= Work item =
For the entries below, the result should be an exact transcription of the lines from the one with "if sdim y == sdim x then D y x else 0." up to and including the one with "[Q(0) = 0], a Gronwall", and only those.

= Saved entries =
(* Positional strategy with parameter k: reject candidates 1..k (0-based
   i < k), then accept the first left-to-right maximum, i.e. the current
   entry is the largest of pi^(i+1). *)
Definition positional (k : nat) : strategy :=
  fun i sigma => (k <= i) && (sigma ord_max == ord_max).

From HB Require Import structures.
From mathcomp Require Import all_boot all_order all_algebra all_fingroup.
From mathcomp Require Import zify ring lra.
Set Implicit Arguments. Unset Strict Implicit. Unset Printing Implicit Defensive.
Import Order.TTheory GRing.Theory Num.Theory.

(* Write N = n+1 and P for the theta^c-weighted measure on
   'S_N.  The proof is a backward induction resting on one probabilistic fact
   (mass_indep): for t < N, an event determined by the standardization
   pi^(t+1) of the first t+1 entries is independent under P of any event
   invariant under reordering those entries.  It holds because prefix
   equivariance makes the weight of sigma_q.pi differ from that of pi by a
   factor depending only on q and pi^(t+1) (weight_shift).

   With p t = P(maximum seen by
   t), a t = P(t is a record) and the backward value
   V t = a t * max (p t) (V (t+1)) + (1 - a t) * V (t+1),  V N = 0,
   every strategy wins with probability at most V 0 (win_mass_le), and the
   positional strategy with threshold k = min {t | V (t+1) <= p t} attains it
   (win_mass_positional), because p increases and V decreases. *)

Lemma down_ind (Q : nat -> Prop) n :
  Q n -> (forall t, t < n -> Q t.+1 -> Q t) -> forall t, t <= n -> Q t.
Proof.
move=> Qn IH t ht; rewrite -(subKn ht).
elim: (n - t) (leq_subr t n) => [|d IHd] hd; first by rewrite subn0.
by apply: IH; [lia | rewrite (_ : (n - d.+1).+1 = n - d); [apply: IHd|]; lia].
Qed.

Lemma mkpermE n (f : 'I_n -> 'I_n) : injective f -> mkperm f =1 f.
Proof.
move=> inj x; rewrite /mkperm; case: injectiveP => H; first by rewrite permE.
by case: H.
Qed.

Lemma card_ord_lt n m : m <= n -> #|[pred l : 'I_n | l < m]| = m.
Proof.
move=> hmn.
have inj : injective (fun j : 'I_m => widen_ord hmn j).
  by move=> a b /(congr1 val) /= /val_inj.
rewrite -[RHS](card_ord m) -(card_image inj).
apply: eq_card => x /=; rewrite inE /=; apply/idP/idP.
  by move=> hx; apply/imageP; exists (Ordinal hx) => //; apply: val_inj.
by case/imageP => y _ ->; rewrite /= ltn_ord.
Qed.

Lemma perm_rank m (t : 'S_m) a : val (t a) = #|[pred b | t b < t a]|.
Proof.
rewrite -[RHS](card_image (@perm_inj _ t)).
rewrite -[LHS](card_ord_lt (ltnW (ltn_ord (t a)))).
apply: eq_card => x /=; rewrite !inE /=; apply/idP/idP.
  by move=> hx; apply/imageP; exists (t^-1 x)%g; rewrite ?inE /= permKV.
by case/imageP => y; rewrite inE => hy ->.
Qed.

...

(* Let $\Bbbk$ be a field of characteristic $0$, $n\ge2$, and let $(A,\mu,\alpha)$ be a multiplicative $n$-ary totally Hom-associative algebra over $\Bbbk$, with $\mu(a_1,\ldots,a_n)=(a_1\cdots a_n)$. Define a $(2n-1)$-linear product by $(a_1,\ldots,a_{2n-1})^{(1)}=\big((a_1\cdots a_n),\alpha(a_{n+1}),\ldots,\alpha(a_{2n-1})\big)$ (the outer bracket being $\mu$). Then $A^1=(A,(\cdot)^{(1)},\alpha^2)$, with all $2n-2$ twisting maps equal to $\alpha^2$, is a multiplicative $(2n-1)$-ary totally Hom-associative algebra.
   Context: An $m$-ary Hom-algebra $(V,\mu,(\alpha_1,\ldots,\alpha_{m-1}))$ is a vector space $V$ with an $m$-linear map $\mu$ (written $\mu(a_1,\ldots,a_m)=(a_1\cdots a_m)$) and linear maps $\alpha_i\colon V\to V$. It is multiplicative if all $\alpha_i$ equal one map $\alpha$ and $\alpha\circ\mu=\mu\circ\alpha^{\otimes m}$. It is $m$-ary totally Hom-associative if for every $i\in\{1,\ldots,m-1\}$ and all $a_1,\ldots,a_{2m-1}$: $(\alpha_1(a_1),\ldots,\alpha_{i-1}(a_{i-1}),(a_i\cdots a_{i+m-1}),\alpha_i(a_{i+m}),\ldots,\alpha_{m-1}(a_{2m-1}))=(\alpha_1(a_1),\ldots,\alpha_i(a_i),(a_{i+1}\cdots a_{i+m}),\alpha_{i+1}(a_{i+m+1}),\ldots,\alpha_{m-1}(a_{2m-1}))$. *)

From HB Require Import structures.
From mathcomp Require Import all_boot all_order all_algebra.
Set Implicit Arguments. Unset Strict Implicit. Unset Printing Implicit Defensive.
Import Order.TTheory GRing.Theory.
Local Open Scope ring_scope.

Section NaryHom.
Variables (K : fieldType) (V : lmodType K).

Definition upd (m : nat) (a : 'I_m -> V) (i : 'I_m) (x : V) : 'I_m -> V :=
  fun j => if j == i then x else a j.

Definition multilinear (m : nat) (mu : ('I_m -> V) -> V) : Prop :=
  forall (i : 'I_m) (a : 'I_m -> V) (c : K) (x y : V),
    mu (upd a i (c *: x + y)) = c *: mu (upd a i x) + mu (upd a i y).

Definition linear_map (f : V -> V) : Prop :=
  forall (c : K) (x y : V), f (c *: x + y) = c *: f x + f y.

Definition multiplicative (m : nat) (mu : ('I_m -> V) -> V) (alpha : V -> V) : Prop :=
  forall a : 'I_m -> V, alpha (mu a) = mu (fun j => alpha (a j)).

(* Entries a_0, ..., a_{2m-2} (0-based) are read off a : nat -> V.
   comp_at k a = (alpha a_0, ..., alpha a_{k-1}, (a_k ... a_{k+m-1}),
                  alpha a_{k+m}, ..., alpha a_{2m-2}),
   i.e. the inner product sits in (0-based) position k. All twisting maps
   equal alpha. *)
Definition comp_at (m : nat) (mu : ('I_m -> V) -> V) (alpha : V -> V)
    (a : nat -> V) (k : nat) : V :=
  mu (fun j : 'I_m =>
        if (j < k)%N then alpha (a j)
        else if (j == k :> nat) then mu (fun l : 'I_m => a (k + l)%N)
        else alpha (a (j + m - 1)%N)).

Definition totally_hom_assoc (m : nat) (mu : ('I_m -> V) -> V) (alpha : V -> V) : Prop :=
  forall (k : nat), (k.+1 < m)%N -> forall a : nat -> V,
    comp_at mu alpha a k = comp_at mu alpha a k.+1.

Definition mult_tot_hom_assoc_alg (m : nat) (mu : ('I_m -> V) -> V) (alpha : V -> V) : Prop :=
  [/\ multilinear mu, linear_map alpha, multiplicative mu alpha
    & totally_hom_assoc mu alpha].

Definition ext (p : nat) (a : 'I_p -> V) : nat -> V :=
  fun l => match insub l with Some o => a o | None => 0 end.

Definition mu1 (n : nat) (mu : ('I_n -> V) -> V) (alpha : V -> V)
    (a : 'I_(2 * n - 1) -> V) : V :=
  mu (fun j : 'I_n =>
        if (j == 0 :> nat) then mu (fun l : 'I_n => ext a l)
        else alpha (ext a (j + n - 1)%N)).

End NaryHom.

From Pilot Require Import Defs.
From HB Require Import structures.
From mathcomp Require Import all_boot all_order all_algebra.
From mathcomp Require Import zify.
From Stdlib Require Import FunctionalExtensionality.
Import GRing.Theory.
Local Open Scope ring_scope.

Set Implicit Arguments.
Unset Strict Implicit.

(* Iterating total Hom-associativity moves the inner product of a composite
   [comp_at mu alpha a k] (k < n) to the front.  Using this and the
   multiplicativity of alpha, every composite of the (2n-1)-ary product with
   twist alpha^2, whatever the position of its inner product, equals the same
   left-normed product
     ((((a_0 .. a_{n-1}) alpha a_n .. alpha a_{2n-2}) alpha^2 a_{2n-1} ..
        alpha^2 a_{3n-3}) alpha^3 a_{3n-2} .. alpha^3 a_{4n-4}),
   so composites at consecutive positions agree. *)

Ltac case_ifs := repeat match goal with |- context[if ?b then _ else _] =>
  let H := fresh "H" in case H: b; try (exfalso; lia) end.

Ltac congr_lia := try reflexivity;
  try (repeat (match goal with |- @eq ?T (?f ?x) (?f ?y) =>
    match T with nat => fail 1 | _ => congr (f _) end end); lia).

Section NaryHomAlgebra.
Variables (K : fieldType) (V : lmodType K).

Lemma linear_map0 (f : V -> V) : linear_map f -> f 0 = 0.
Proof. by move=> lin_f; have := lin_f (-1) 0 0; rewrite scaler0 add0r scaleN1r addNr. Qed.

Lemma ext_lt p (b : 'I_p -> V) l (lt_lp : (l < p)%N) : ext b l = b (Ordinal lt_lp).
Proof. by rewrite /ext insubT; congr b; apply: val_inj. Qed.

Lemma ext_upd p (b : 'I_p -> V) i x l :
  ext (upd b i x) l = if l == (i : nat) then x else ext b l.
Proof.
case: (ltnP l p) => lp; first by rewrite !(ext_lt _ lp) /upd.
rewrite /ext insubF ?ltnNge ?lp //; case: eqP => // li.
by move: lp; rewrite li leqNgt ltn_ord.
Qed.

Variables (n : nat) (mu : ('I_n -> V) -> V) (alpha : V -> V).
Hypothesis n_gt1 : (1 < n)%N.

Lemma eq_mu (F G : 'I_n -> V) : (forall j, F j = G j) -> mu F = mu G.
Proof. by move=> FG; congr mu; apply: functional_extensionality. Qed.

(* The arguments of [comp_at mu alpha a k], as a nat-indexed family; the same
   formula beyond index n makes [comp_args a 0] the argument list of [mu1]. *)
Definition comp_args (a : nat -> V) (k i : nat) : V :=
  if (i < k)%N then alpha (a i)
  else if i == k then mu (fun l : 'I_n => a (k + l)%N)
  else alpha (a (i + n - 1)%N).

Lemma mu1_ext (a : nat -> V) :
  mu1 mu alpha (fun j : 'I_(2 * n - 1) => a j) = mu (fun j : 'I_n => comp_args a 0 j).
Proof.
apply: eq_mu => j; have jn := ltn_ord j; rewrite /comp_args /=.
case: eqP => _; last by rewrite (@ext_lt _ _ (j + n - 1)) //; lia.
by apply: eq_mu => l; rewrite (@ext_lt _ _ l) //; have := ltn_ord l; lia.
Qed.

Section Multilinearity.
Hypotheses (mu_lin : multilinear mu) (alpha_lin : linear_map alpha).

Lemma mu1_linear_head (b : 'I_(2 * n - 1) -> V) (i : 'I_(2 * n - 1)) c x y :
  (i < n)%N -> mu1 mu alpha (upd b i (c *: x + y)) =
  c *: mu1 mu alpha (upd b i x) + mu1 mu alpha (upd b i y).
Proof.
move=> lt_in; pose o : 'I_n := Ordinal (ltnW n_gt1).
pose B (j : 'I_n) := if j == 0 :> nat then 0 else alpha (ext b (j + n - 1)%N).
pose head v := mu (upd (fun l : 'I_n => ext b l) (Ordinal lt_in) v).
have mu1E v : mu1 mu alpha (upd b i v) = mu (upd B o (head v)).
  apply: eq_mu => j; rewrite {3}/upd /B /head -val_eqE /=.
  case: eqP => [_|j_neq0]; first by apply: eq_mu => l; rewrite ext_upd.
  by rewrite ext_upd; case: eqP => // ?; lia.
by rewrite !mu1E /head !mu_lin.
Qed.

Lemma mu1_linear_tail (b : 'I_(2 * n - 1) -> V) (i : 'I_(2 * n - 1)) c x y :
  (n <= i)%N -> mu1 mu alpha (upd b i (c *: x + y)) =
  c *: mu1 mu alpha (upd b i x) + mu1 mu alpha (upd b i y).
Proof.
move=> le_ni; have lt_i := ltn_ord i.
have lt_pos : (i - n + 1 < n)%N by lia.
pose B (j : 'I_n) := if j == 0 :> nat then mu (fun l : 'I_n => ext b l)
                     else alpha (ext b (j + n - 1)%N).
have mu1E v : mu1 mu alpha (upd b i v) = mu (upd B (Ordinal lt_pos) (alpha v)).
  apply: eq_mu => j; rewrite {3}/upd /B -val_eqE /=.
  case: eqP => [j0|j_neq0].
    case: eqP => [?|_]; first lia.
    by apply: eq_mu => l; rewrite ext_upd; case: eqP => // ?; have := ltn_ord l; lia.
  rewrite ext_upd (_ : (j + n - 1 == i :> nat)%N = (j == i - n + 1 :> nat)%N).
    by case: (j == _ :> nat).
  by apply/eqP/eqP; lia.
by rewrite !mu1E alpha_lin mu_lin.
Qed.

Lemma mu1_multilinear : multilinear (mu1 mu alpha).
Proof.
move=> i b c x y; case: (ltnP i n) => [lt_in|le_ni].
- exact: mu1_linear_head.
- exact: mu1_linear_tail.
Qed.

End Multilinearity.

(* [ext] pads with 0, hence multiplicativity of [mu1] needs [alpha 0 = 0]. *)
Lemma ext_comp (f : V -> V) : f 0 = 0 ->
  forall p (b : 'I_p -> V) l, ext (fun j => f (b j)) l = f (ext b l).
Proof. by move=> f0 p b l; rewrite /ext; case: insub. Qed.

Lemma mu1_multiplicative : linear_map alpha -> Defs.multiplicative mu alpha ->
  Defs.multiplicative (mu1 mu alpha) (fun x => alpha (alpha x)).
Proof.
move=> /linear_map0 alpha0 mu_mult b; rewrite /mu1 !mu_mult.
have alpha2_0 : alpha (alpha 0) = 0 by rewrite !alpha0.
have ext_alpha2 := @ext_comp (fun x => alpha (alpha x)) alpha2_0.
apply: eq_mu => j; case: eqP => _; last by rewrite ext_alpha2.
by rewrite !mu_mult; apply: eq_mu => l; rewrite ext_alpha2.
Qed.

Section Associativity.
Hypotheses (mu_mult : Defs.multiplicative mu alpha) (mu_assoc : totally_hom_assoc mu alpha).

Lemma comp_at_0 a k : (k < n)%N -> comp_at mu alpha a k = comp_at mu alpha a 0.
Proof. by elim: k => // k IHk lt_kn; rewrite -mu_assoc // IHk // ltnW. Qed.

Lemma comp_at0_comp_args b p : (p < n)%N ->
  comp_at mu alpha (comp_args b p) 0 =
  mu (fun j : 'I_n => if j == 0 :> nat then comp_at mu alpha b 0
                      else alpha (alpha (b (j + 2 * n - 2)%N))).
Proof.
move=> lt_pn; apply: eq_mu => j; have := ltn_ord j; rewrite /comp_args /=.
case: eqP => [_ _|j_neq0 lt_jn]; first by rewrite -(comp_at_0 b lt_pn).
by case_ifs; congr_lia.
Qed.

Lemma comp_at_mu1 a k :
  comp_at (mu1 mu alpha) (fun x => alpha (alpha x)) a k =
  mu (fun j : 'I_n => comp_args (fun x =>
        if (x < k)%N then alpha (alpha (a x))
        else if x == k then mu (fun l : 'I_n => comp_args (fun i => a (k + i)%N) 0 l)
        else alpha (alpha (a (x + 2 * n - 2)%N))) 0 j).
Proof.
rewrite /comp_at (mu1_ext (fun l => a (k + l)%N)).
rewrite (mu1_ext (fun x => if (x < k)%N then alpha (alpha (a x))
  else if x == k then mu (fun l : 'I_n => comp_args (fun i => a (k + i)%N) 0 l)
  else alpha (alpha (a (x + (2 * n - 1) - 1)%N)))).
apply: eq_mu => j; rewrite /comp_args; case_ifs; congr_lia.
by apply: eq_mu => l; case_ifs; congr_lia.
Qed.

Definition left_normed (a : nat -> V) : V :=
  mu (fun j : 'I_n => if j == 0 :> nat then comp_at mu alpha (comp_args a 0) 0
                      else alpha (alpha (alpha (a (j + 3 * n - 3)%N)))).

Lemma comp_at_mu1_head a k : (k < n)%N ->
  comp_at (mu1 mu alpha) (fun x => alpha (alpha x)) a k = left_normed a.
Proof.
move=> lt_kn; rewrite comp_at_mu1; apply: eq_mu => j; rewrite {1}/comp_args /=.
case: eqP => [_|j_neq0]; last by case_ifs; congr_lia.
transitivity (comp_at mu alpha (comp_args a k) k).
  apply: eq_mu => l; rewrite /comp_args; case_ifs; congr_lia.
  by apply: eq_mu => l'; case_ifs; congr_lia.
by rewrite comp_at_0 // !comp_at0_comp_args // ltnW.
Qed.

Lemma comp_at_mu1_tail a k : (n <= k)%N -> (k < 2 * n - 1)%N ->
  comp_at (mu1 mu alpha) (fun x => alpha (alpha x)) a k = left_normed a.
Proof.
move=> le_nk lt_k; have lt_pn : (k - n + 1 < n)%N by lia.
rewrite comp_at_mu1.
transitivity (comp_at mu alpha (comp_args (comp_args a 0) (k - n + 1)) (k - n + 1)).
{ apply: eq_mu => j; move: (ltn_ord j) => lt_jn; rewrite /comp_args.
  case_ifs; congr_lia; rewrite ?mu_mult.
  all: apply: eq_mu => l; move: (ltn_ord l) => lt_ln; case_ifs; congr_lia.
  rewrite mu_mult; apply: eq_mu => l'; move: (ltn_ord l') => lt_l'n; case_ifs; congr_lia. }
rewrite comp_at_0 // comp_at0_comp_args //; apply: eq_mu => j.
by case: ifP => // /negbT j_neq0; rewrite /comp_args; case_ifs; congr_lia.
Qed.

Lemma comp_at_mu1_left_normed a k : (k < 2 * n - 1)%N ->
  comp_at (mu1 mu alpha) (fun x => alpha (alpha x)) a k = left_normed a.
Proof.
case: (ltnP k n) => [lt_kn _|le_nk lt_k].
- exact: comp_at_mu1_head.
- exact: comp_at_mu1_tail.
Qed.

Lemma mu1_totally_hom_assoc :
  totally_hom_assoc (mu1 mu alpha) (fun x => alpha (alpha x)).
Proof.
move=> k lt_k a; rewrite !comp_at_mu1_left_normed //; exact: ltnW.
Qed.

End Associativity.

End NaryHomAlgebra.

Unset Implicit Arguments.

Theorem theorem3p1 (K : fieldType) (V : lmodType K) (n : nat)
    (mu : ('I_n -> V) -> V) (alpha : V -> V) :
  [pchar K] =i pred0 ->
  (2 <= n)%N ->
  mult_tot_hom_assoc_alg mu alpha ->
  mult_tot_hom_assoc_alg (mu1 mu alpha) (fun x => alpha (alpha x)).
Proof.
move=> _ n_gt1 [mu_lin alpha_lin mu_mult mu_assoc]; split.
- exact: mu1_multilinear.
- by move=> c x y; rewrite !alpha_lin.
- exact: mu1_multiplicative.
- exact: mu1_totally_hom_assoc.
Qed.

---

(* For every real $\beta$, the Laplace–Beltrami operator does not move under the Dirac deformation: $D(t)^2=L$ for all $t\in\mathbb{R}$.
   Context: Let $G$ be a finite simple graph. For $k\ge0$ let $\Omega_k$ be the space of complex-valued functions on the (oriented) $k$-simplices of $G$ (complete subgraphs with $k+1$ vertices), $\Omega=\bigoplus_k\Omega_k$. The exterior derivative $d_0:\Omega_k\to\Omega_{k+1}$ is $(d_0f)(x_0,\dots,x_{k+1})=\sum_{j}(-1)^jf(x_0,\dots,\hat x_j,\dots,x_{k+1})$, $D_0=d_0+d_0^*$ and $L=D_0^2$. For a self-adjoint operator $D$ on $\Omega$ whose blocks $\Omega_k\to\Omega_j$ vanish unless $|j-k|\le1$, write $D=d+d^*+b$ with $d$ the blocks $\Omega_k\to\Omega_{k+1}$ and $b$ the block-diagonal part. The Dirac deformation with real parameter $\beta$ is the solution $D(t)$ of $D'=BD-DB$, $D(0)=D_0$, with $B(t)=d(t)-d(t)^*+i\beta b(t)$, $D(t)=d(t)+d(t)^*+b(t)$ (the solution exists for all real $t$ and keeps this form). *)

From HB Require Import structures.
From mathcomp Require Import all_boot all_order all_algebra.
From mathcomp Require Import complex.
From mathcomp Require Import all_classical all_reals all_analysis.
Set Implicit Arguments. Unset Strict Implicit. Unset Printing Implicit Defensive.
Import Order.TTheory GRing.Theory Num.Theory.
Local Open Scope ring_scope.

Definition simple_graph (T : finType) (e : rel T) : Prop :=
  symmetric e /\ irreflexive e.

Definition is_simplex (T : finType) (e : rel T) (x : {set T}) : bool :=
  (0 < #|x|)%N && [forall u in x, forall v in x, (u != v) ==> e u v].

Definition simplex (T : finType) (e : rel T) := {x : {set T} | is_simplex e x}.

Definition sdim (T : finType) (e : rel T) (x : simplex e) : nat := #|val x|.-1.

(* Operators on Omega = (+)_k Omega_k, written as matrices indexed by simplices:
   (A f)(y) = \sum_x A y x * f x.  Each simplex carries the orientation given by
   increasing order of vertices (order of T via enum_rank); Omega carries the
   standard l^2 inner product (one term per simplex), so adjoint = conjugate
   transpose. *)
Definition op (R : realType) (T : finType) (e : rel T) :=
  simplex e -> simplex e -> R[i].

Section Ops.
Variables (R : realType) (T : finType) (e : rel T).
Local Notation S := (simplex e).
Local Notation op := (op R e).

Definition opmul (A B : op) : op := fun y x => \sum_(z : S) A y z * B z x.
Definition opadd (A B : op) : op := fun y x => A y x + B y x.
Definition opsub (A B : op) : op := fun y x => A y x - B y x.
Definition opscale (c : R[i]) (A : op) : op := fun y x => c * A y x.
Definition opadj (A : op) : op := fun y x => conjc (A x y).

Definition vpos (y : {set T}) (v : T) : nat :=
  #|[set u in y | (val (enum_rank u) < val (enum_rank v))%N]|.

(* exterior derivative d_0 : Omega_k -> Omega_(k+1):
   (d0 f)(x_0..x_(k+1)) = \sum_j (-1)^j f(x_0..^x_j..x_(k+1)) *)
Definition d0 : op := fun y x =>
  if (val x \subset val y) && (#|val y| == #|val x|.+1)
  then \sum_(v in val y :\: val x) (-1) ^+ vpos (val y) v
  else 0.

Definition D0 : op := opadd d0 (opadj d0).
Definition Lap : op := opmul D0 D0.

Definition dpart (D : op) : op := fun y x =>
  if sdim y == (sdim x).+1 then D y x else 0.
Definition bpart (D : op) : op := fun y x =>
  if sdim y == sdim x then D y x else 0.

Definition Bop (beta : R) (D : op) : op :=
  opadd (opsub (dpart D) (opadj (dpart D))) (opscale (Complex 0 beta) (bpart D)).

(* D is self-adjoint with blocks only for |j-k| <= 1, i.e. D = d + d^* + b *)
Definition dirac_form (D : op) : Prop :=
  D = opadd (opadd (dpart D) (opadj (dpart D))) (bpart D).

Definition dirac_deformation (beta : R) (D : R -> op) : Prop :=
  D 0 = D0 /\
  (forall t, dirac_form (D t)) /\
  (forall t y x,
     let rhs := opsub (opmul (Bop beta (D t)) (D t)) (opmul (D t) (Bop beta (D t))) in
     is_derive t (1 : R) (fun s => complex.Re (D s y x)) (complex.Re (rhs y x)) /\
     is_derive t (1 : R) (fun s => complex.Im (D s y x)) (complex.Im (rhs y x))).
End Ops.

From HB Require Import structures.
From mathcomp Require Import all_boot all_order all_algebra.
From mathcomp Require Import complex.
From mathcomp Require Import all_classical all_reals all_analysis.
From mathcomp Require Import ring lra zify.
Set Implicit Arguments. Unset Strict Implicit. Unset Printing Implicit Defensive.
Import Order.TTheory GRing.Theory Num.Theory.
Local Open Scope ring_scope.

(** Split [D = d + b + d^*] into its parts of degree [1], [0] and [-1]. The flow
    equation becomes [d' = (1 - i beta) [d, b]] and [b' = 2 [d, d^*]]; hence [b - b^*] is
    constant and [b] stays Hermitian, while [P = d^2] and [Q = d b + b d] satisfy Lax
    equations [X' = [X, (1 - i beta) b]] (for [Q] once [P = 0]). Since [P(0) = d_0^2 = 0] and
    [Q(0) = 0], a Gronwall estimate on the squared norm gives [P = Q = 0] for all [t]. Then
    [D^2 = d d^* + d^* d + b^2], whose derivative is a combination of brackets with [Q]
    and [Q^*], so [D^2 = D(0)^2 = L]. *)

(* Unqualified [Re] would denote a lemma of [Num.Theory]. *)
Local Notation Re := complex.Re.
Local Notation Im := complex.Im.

= Answer to the problem =
  if sdim y == sdim x then D y x else 0.

Definition Bop (beta : R) (D : op) : op :=
  opadd (opsub (dpart D) (opadj (dpart D))) (opscale (Complex 0 beta) (bpart D)).

(* D is self-adjoint with blocks only for |j-k| <= 1, i.e. D = d + d^* + b *)
Definition dirac_form (D : op) : Prop :=
  D = opadd (opadd (dpart D) (opadj (dpart D))) (bpart D).

Definition dirac_deformation (beta : R) (D : R -> op) : Prop :=
  D 0 = D0 /\
  (forall t, dirac_form (D t)) /\
  (forall t y x,
     let rhs := opsub (opmul (Bop beta (D t)) (D t)) (opmul (D t) (Bop beta (D t))) in
     is_derive t (1 : R) (fun s => complex.Re (D s y x)) (complex.Re (rhs y x)) /\
     is_derive t (1 : R) (fun s => complex.Im (D s y x)) (complex.Im (rhs y x))).
End Ops.

From HB Require Import structures.
From mathcomp Require Import all_boot all_order all_algebra.
From mathcomp Require Import complex.
From mathcomp Require Import all_classical all_reals all_analysis.
From mathcomp Require Import ring lra zify.
Set Implicit Arguments. Unset Strict Implicit. Unset Printing Implicit Defensive.
Import Order.TTheory GRing.Theory Num.Theory.
Local Open Scope ring_scope.

(** Split [D = d + b + d^*] into its parts of degree [1], [0] and [-1]. The flow
    equation becomes [d' = (1 - i beta) [d, b]] and [b' = 2 [d, d^*]]; hence [b - b^*] is
    constant and [b] stays Hermitian, while [P = d^2] and [Q = d b + b d] satisfy Lax
    equations [X' = [X, (1 - i beta) b]] (for [Q] once [P = 0]). Since [P(0) = d_0^2 = 0] and
    [Q(0) = 0], a Gronwall estimate on the squared norm gives [P = Q = 0] for all [t]. Then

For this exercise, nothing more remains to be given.